• [PROBLEM REQUIREMENTS]: Only lines holding the word "first" are wanted from the records; copy all of them.

• [ENTRIES SUPPLIED]:
Lemma opnorm_is_norm : is_norm (opnorm N).
Proof.
split.
- move=> A A0; apply/row_matrixP => i; rewrite row0 rowE.
  apply: (nrm_eq0 HN); apply/le_anti.
  by rewrite nrm_ge0 // (le_trans (nrm_mul_le_opnorm _ _)) // A0 mul0r.
- move=> a A; apply/le_anti/andP; split.
    apply: opnorm_le => x Nx; rewrite -scalemxAr nrmZ // ler_wpM2l //.
    exact: opnorm_ub.
  have [->|a0] := eqVneq a 0; first by rewrite normr0 mul0r opnorm_ge0.
  rewrite -ler_pdivlMl ?normr_gt0 //; apply: opnorm_le => x Nx.
  rewrite -[x *m A](scalerK a0) scalemxAr nrmZ // normfV ler_pM2l ?invr_gt0 ?normr_gt0 //.
  exact: opnorm_ub.
- move=> A B; apply: opnorm_le => x Nx; rewrite mulmxDr (le_trans (ler_nrmD HN _ _)) //.
  by rewrite lerD ?opnorm_ub.
Qed.

Lemma compact_dual_ball :
  compact (\bigcap_y [set c | `|coord_pairing c y| <= N y]).
Proof.
apply: bounded_closed_compact.
  exists (\sum_i N (delta_mx 0 i)); split; first exact: num_real.
  move=> M M_gt c c_dual; apply/ltW/(le_lt_trans _ M_gt).
  apply: mx_norm_le => [|i j]; first by rewrite sumr_ge0 // => i _; rewrite nrm_ge0.
  rewrite ord1 -coord_pairing_delta (le_trans (c_dual _ I)) //.
  by rewrite (bigD1 j) //= lerDl sumr_ge0 // => k _; rewrite nrm_ge0.
apply: closed_bigI => y _; apply: continuous_closed_preimage (closed_le (y := N y)).
apply: (@klipschitz_continuous _ _ _ (n%:R * `|y|)) => -[c d] _ /=.
apply: le_trans (ler_dist_dist _ _) _.
exact: (@coord_pairing_lipschitz _ _ y (c, d) (conj I I)).
Qed.

End FiniteDimensional.

Section SupportedUnitVector.
Variables (R : realType) (n : nat) (N : 'rV[R]_n -> R).
Hypotheses (HN : is_norm N) (N_sc : strictly_convex N) (N_smooth : smooth_space N).
Variables (u : 'rV[R]_n) (g : 'rV[R]_n -> R).
Hypotheses (Nu : N u = 1) (g_lin : is_linear_fun g).
Hypotheses (g_le : forall x, `|g x| <= N x) (gu : g u = 1).

Lemma near_u_of_g_near1 eps : 0 < eps ->
  exists2 eta, 0 < eta & forall x, N x <= 1 -> 1 - eta < g x -> N (x - u) < eps.
Proof.
move=> eps_gt0.
pose K := [set x | N x <= 1] `&` [set x | eps <= N (x - u)].
have K_compact : compact K.
  apply: compact_closedI; first exact: compact_nrm_ball.
  exact: continuous_closed_preimage (nrm_sub_continuous HN (v := u)) (closed_ge (y := eps)).
have g_lt1 x : K x -> g x < 1.
  move=> [/= Nx eps_le]; rewrite ltNge; apply: contraTN eps_le => gx.
  have -> := strictly_convex_norming_eq HN N_sc g_lin g_le Nu gu Nx gx.
  by rewrite subrr (nrm0 HN) -ltNge.
have [eta eta_gt0 eta_le] :=
  compact_lt_upper_bound K_compact (linfun_continuous HN g_lin g_le) g_lt1.
exists eta => // x Nx gx; rewrite ltNge; apply/negP => eps_le.
by have := eta_le x (conj Nx eps_le); rewrite leNgt gx.
Qed.

Lemma norming_coords_near_g eps : 0 < eps -> exists2 eta, 0 < eta &
  forall f, is_linear_fun f -> (forall x, `|f x| <= N x) -> 1 - eta < f u ->
  `|\row_i f (delta_mx 0 i) - \row_i g (delta_mx 0 i)| < eps.
Proof.
move=> eps_gt0; pose cg := \row_i g (delta_mx 0 i).
pose K := (\bigcap_y [set c | `|coord_pairing c y| <= N y]) `&` [set c | eps <= `|c - cg|].
have K_compact : compact K.
  apply: compact_closedI; first exact: compact_dual_ball.
  apply: continuous_closed_preimage (closed_ge (y := eps)).
  apply: (@klipschitz_continuous _ _ _ 1) => -[c d] _ /=.
  by rewrite mul1r (le_trans (ler_dist_dist _ _)) // opprB addrA subrK.
have pairing_lt1 c : K c -> coord_pairing c u < 1.
  move=> [c_dual eps_le]; rewrite ltNge; apply: contraTN eps_le => cu.
  have c_le y : `|coord_pairing c y| <= N y by exact: c_dual.
  have cu1 : coord_pairing c u = 1.
    by apply/le_anti; rewrite cu -Nu (le_trans (ler_norm _)) ?c_le.
  have cg_eq := smooth_point_norming_unique (N_smooth (nrm_eq1_neq0 HN Nu)) Nu
    (coord_pairing_lin c) c_le cu1 g_lin g_le gu.
  have -> : c = cg by apply/rowP => i; rewrite mxE -coord_pairing_delta cg_eq.
  by rewrite subrr normr0 -ltNge.
have [eta eta_gt0 eta_le] := compact_lt_upper_bound K_compact
  (klipschitz_continuous (coord_pairing_lipschitz u)) pairing_lt1.
exists eta => // f f_lin f_le fu; rewrite ltNge; apply/negP => eps_le.
have cf_in_K : K (\row_i f (delta_mx 0 i)).
  by split => // y _; rewrite /= coord_pairing_row.
by have := eta_le _ cf_in_K; rewrite coord_pairing_row // leNgt fu.
Qed.

Lemma norming_near_g eps : 0 < eps -> exists2 eta, 0 < eta &
  forall f, is_linear_fun f -> (forall x, `|f x| <= N x) -> 1 - eta < f u ->
  forall x, `|f x - g x| <= eps * N x.
Proof.
move=> eps_gt0; have [c c_gt0 c_le] := mx_norm_le_nrm HN.
have n1_gt0 : 0 < n%:R + 1 :> R by rewrite ltr_wpDl.
have [eta eta_gt0 eta_le] := norming_coords_near_g (divr_gt0 (mulr_gt0 eps_gt0 c_gt0) n1_gt0).
exists eta => // f f_lin f_le fu x; have cf_near := eta_le f f_lin f_le fu.
rewrite -(coord_pairing_row f_lin) -(coord_pairing_row g_lin) -coord_pairingB.
rewrite (le_trans (ler_coord_pairing _ _)) //.
have -> : eps * N x = (n%:R + 1) * (eps * c / (n%:R + 1) * `|x|) + eps * (N x - c * `|x|).
  by field; rewrite gt_eqF.
rewrite -[leLHS]addr0 lerD ?mulr_ge0 ?subr_ge0 ?(ltW eps_gt0) //.
by rewrite ler_pM ?mulr_ge0 ?normr_ge0 ?ler0n ?lerDl ?ler_wpM2r ?normr_ge0 ?(ltW cf_near).
Qed.

(* A norming functional f of u + w nearly norms u, hence is close to g. *)
Lemma nrm_frechet_at eps : 0 < eps -> exists2 eta, 0 < eta &
  forall w, N w <= eta -> N (u + w) <= 1 + g w + eps * N w.
Proof.
move=> eps_gt0; have [eta eta_gt0 eta_near] := norming_near_g eps_gt0.
exists (Num.min (eta / 4) 2^-1); first by rewrite lt_min divr_gt0 //= invr_gt0.
move=> w; rewrite le_min => /andP[Nw_eta Nw_half].
have Nuw_ge : 1 - N w <= N (u + w).
  by have := lerB_nrm HN u (- w); rewrite opprK (nrmN HN) Nu.
have uw_neq0 : u + w <> 0.
  by move=> uw0; move: Nuw_ge; rewrite uw0 (nrm0 HN); lra.
have [f [f_lin f_le fuw]] := smooth_point_norming HN (N_smooth uw_neq0).
have fu_eq : f u = N (u + w) - f w by rewrite -fuw (linfunD f_lin) addrK.
have fu_near : 1 - eta < f u.
  rewrite fu_eq; have := ler_norm (f w); have := f_le w; lra.
move: (eta_near f f_lin f_le fu_near w) (f_le u).
by rewrite Nu !ler_norml => /andP[_ fgw] /andP[_ fu_le]; lra.
Qed.

End SupportedUnitVector.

• [SOLUTION]:
  have [->|a0] := eqVneq a 0; first by rewrite normr0 mul0r opnorm_ge0.
  exists (\sum_i N (delta_mx 0 i)); split; first exact: num_real.
  apply: mx_norm_le => [|i j]; first by rewrite sumr_ge0 // => i _; rewrite nrm_ge0.
  apply: compact_closedI; first exact: compact_nrm_ball.
  apply: compact_closedI; first exact: compact_dual_ball.
exists (Num.min (eta / 4) 2^-1); first by rewrite lt_min divr_gt0 //= invr_gt0.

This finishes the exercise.